Apology to a dear friend, getting lied to, bad mom.. bad day
this is more for me than anything..
So warning not weight loss related at all…
what a day what a day. so today was AGAIN a day I wanted to quit smoking. All good intentioned.
I did not want to tell anyone cause well i have failed over and over and over again.
well I should have warned some people who I am in contact with for sure cause I was being very sensitive made a huge deal out of nothing, cried my eyes out, hurt a dear friend.
So that was the first 30 minutes of being awake.
then my son flung a heavy toy at the cat so I smacked his diaper and put him on the chair for a timeout sort of thing. He was just not happy. so he chucked a toy at my head. Hurt like hell. well reflex I slapped him. it was not hard but it surely hurt his feelings and I felt like such a terrible mother. Still do. he was so clingy after that just wanting to know all is alright I suppose…
I am sure he is alright but the bad feeling remains for me. I was really strict with shelby when she was young and she never got in trouble really maybe because of me being so strict. but I yelled a lot and I was so scared that part of me is coming back.
well needless to say I got a pack of smokes now..
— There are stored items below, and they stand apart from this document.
Lemma NJ_subst_polar (F : form) :
  ((In p (vp true F) -> NJ (H ,, Var p) c) ->
   (In p (vp false F) -> NJ (H ,, c) (Var p)) -> NJ (H ,, F) (subst p c F)) /\
  ((In p (vp false F) -> NJ (H ,, Var p) c) ->
   (In p (vp true F) -> NJ (H ,, c) (Var p)) -> NJ (H ,, subst p c F) F).
Proof.
  induction F as [q | | F1 IH1 F2 IH2 | F1 IH1 F2 IH2 | F1 IH1 F2 IH2]; cbn -[In];
    try setoid_rewrite in_app_iff.
  - destruct (Nat.eqb_spec q p) as [-> | _]; split; intros Hpc Hcp.
    + now apply Hpc; left.
    + now apply Hcp; left.
    + apply NJ_hyp.
    + apply NJ_hyp.
  - split; intros; apply NJ_hyp.
  - split; intros Hpc Hcp; apply NJ_andI.
    + apply (NJ_cut H _ F1); [apply IH1; auto | auto | apply (NJ_andE1 _ F1 F2), NJ_hyp].
    + apply (NJ_cut H _ F2); [apply IH2; auto | auto | apply (NJ_andE2 _ F1 F2), NJ_hyp].
    + apply (NJ_cut H _ (subst p c F1)); [apply IH1; auto | auto |].
      apply (NJ_andE1 _ _ (subst p c F2)), NJ_hyp.
    + apply (NJ_cut H _ (subst p c F2)); [apply IH2; auto | auto |].
      apply (NJ_andE2 _ (subst p c F1)), NJ_hyp.
  - split; intros Hpc Hcp; (eapply NJ_orE; [apply NJ_hyp | |]).
    + apply NJ_orI1, (NJ_cut H _ F1); [apply IH1; auto | auto | apply NJ_hyp].
    + apply NJ_orI2, (NJ_cut H _ F2); [apply IH2; auto | auto | apply NJ_hyp].
    + apply NJ_orI1, (NJ_cut H _ (subst p c F1));
        [apply IH1; auto | auto | apply NJ_hyp].
    + apply NJ_orI2, (NJ_cut H _ (subst p c F2));
        [apply IH2; auto | auto | apply NJ_hyp].
  - split; intros Hpc Hcp; apply NJ_impI.
    + apply (NJ_cut H _ F2); [apply IH2; auto | auto |].
      apply (NJ_impE _ F1); [apply NJ_ass; auto |].
      apply (NJ_cut H _ (subst p c F1)); [apply IH1; auto | auto | apply NJ_hyp].
    + apply (NJ_cut H _ (subst p c F2)); [apply IH2; auto | auto |].
      apply (NJ_impE _ (subst p c F1)); [apply NJ_ass; auto |].
      apply (NJ_cut H _ F1); [apply IH1; auto | auto | apply NJ_hyp].
Qed.
End NJ_substitution.

Lemma NJ_subst_iff (p : nat) (c : form) (H : form -> Prop) (F : form) :
  NJ (H ,, Var p) c -> NJ (H ,, c) (Var p) -> NJ H F <-> NJ H (subst p c F).
Proof.
  intros Hpc Hcp; destruct (NJ_subst_polar p c H F) as [Hto Hfrom].
  split; intros D; [apply (NJ_cut H H F) | apply (NJ_cut H H (subst p c F))]; auto.
Qed.

Lemma NJ_subst_Top_pos (p : nat) (H : form -> Prop) (F : form) :
  ~ In p (Vneg F) -> NJ H F -> NJ H (subst p Top F).
Proof.
  intros Hp D; apply (NJ_cut H H F); auto.
  apply (NJ_subst_polar p Top H F); [intros; apply NJ_Top | contradiction].
Qed.

Lemma NJ_subst_Top_neg (p : nat) (H : form -> Prop) (F : form) :
  ~ In p (Vpos F) -> NJ H (subst p Top F) -> NJ H F.
Proof.
  intros Hp D; apply (NJ_cut H H (subst p Top F)); auto.
  apply (NJ_subst_polar p Top H F); [intros; apply NJ_Top | contradiction].
Qed.

Fixpoint eval (v : nat -> bool) (F : form) : bool :=
  match F with
  | Var p => v p
  | Bot => false
  | And B C => eval v B && eval v C
  | Or B C => eval v B || eval v C
  | Imp B C => implb (eval v B) (eval v C)
  end.

Definition models (v : nat -> bool) (G : list form) : Prop :=
  forall X, In X G -> eval v X = true.

Definition valid (G : list form) (A : form) : Prop :=
  forall v, models v G -> eval v A = true.

Lemma models_cons (v : nat -> bool) (X : form) (G : list form) :
  models v (X :: G) <-> eval v X = true /\ models v G.
Proof.
  unfold models; simpl; split; [auto|].
  now intros [HX HG] Y [<- | HY]; [|apply HG].
Qed.

Lemma G3cp_sound (G D : list form) : G3cp G D ->
  forall v, models v G -> exists X, In X D /\ eval v X = true.
Proof.
  induction 1 as [p G D | G D | A B G D _ IH | A B G D _ IH1 _ IH2 | A B G D _ IH1 _ IH2
                 | A B G D _ IH | A B G D _ IH1 _ IH2 | A B G D _ IH
                 | G G' D D' _ IH HG HD];
    intros v Hv; rewrite ?models_cons in Hv; simpl in Hv.
  - exists (Var p); simpl; tauto.
  - easy.
  - destruct Hv as [Hv HG]; apply andb_true_iff in Hv.
    apply IH; rewrite !models_cons; tauto.
  - destruct (IH1 v Hv) as [X [[<- | HX] E1]]; [|exists X; simpl; tauto].
    destruct (IH2 v Hv) as [Y [[<- | HY] E2]]; [|exists Y; simpl; tauto].
    exists (And A B); simpl; rewrite E1, E2; tauto.
  - destruct Hv as [Hv HG]; apply orb_true_iff in Hv as [Hv | Hv];
      [apply IH1 | apply IH2]; now apply models_cons.
  - destruct (IH v Hv) as [X [[<- | [<- | HX]] E]].
    + exists (Or A B); simpl; rewrite E; tauto.
    + exists (Or A B); simpl; rewrite E, orb_true_r; tauto.
    + exists X; simpl; tauto.
  - destruct Hv as [Hv HG]; destruct (IH1 v HG) as [X [[<- | HX] E]];
      [|exists X; simpl; tauto].
    rewrite E in Hv; apply IH2, models_cons; auto.
  - destruct (eval v A) eqn:EA.
    + destruct (IH v) as [X [[<- | HX] E]]; [now apply models_cons| |].
      * exists (Imp A B); simpl; rewrite E, implb_true_r; tauto.
      * exists X; simpl; tauto.
    + exists (Imp A B); simpl; rewrite EA; tauto.
  - destruct (IH v) as [X [HX E]].
    + intros X HX; apply Hv, (Permutation_in _ HG HX).
    + exists X; split; [apply (Permutation_in _ HD HX) | exact E].
Qed.

Lemma cderiv_valid (G : list form) (A : form) : cderiv G A -> valid G A.
Proof.
  intros D v Hv; destruct (G3cp_sound G [A] D v Hv) as [X [[<- | []] E]]; exact E.
Qed.

Lemma eval_subst (v : nat -> bool) (p : nat) (c F : form) :
  eval v (subst p c F) = eval (fun q => if Nat.eqb q p then eval v c else v q) F.
Proof.
  induction F; simpl; try congruence.
  now destruct (Nat.eqb n p).
Qed.

Lemma valid_subst (p : nat) (c : form) (G : list form) (A : form) :
  valid G A -> valid (map (subst p c) G) (subst p c A).
Proof.
  intros HA v Hv; rewrite eval_subst; apply HA.
  intros X HX; rewrite <- eval_subst; apply Hv, in_map, HX.
Qed.

Lemma eval_monotone (v w : nat -> bool) (F : form) :
  (forall q, v q = true -> w q = true) ->
  (Vneg F = [] -> eval v F = true -> eval w F = true) /\
  (Vpos F = [] -> eval w F = true -> eval v F = true).
Proof.
  intros Hvw; unfold Vneg, Vpos.
  induction F as [q | | F1 IH1 F2 IH2 | F1 IH1 F2 IH2 | F1 IH1 F2 IH2]; simpl;
    try (split; intros Hn; apply app_eq_nil in Hn as [Hn1 Hn2]); auto.
  - split; [auto | discriminate].
  - rewrite !andb_true_iff; tauto.
  - rewrite !andb_true_iff; tauto.
  - rewrite !orb_true_iff; tauto.
  - rewrite !orb_true_iff; tauto.
  - destruct (eval v F1), (eval w F1); simpl; intuition congruence.
  - destruct (eval v F1), (eval w F1); simpl; intuition congruence.
Qed.

Definition closed (c : form) : Prop := forall b, vp b c = [].

Lemma closed_Top : closed Top. Proof. now intros []. Qed.
Lemma closed_Bot : closed Bot. Proof. now intros []. Qed.

Lemma incl_Vns_Vpos (F : form) : incl (Vns F) (Vpos F).
Proof.
  unfold Vpos; induction F; simpl;
    auto using incl_nil_l, incl_app_app, incl_refl.
Qed.

Section Occurrences_after_substitution.
Variables (p : nat) (c : form).
Hypothesis Hc : closed c.

Lemma vp_subst (b : bool) (F : form) (q : nat) :
  In q (vp b (subst p c F)) -> In q (vp b F) /\ q <> p.
Proof.
  revert b; induction F as [r | | F1 IH1 F2 IH2 | F1 IH1 F2 IH2 | F1 IH1 F2 IH2];
    intros b; simpl;
    try (rewrite !in_app_iff; intros [Hq | Hq]; [apply IH1 in Hq | apply IH2 in Hq]; tauto).
  - destruct (Nat.eqb_spec r p) as [-> | Hrp]; [now rewrite Hc|].
    destruct b; simpl; [|tauto]. intros [<- | []]; tauto.
  - tauto.
Qed.

Lemma Vns_subst (F : form) (q : nat) :
  In q (Vns (subst p c F)) -> In q (Vns F) /\ q <> p.
Proof.
  induction F as [r | | F1 IH1 F2 IH2 | F1 IH1 F2 IH2 | F1 IH1 F2 IH2]; simpl;
    try (rewrite !in_app_iff; intros [Hq | Hq];
         [apply IH1 in Hq || apply vp_subst in Hq | apply IH2 in Hq]; unfold Vneg; tauto).
  - destruct (Nat.eqb r p); [|tauto].
    intros Hq; apply incl_Vns_Vpos in Hq; unfold Vpos in Hq; now rewrite Hc in Hq.
  - tauto.
Qed.

Lemma flat_map_subst (f : form -> list nat) (G : list form) (q : nat) :
  (forall F, In q (f (subst p c F)) -> In q (f F) /\ q <> p) ->
  In q (flat_map f (map (subst p c) G)) -> In q (flat_map f G) /\ q <> p.
Proof.
  intros Hf Hq; rewrite flat_map_concat_map, map_map, <- flat_map_concat_map in Hq.
  apply in_flat_map in Hq as [F [HF Hq]]; apply Hf in Hq as [Hq Hqp].
  split; [apply in_flat_map; eauto | exact Hqp].
Qed.

Lemma VnegL_subst (G : list form) (q : nat) :
  In q (VnegL (map (subst p c) G)) -> In q (VnegL G) /\ q <> p.
Proof. apply flat_map_subst; intros F; apply vp_subst. Qed.

Lemma VnsL_subst (G : list form) (q : nat) :
  In q (VnsL (map (subst p c) G)) -> In q (VnsL G) /\ q <> p.
Proof. apply flat_map_subst; intros F; apply Vns_subst. Qed.

End Occurrences_after_substitution.

Lemma ideriv_map (W : nat -> Prop) (G : list form) (A : form) (f : form -> form)
    (H : form -> Prop) :
  (forall X, PiV W X -> H X) -> (forall Y, In Y G -> NJ H (f Y)) ->
  ideriv W (map f G) A -> NJ H A.
Proof.
  intros HW HG; apply NJ_trans; intros X [HX | HX]; [now apply NJ_ass, HW|].
  apply in_map_iff in HX as [Y [<- HY]]; now apply HG.
Qed.

Lemma NJ_of_ideriv_subst (W : nat -> Prop) (G : list form) (A : form) (p : nat)
    (c : form) (H : form -> Prop) :
  (forall X, PiV W X \/ In X G -> H X) -> NJ (H ,, Var p) c -> NJ (H ,, c) (Var p) ->
  ideriv W (map (subst p c) G) (subst p c A) -> NJ H A.
Proof.
  intros HH Hpc Hcp D; apply (NJ_subst_iff p c H A Hpc Hcp).
  apply (ideriv_map W G _ (subst p c)); [auto | | exact D].
  intros Y HY; apply (NJ_subst_iff p c H Y Hpc Hcp), NJ_ass; auto.
Qed.

Lemma ideriv_by_cases (W : nat -> Prop) (G : list form) (A : form) (p : nat) :
  W p -> ideriv W (map (subst p Top) G) (subst p Top A) ->
  ideriv W (map (subst p Bot) G) (subst p Bot A) -> ideriv W G A.
Proof.
  intros Wp DT DB; apply (NJ_orE _ (Var p) (Neg (Var p))).
  - apply NJ_ass; left; now exists p.
  - apply (NJ_of_ideriv_subst W G A p Top); auto using NJ_Top.
    apply NJ_ass; auto.
  - apply (NJ_of_ideriv_subst W G A p Bot); auto.
    + apply (NJ_impE _ (Var p)); apply NJ_ass; auto.
    + apply NJ_botE, NJ_hyp.
Qed.

Lemma ideriv_subst_Top (W : nat -> Prop) (G : list form) (A : form) (p : nat) :
  ~ In p (VnegL G) -> ~ In p (Vpos A) ->
  ideriv W (map (subst p Top) G) (subst p Top A) -> ideriv W G A.
Proof.
  intros HG HA D; apply (NJ_subst_Top_neg p); [exact HA|].
  apply (ideriv_map W G _ (subst p Top)); [auto | | exact D].
  intros Y HY; apply NJ_subst_Top_pos; [|now apply NJ_ass; right].
  intros Hp; apply HG, in_flat_map; eauto.
Qed.

Fixpoint size (F : form) : nat :=
  match F with
  | Var _ | Bot => 1
  | And B C | Or B C | Imp B C => 1 + size B + size C
  end.

Definition weight (G : list form) (A : form) : nat := list_sum (map size G) + size A.

Lemma weight_split (G1 G2 : list form) (X A : form) :
  weight (G1 ++ X :: G2) A = size X + weight (G1 ++ G2) A.
Proof. unfold weight; rewrite !map_app, !list_sum_app; simpl; lia. Qed.

Lemma VnsL_split (G1 G2 : list form) (X : form) :
  VnsL (G1 ++ X :: G2) = [] -> Vns X = [] /\ VnsL (G1 ++ G2) = [].
Proof.
  unfold VnsL; rewrite !flat_map_app; simpl.
  intros E; apply app_eq_nil in E as [E1 E]; apply app_eq_nil in E as [E2 E3].
  now rewrite E1, E3.
Qed.

Lemma models_split (v : nat -> bool) (G1 G2 : list form) (X : form) :
  models v (X :: G1 ++ G2) -> models v (G1 ++ X :: G2).
Proof.
  intros Hv Y HY; apply Hv; apply in_elt_inv in HY as [-> | HY]; simpl; auto.
Qed.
But then I had something else that happened and I am so sad and disappointed. I got lied to today and I do not know how to handle it.. I am hurt more so than anything. sad too.. yep just an online friend but I care for this person more than she knows. guess it all meant nothing
So not the best of days. BUT my dear friend Lace was there to listen to me cry, complain, bitch vent. thanks Lacey you are my highlight today. You kept me sane and I love your honestly and bluntness..
okay so not weight loss related but this was for me and I do feel better now. it is time to make amends with my dear friend and tell her I am sorry.. I AM SORRY .. I love you.. you know that right..
I should have warned you..
Good job putting it all out there! Your not a bad mother it happens to everyone, Thanks for the shout out
and you know my thoughts all the rest we’ve been talking for hours!! Geez lol
Kerstin, I wish that I could say “I know what you’re going through”…but honostly I don’t. I’ve never been a smoker. But I’m truely sorry you’re having one of those crappy days! I can say that time has a way of healing things. I hope things get better & that someday you’ll be able to quiet the habit you wish to quiet. Hang in there.
Yes a warning about smoking is required!
JK I think I would take a conversation in a different direction had I known that piece of information.
I’ll give you a call btwn classes tonight hon.
POOOOOR JACK! is all I’m going to say.
I have been sitting here for 10 minutes thinking of what to say. I can’t imagine how hard it is to quit smoking. I know how hard it is to not eat junk so if it is like that or worse, well I won’t go there. Sounds like you just hurt Jack’s feelings, def doesn’t make you a bad mother. I am very sorry about the friend.. I am sending some big hugs your way.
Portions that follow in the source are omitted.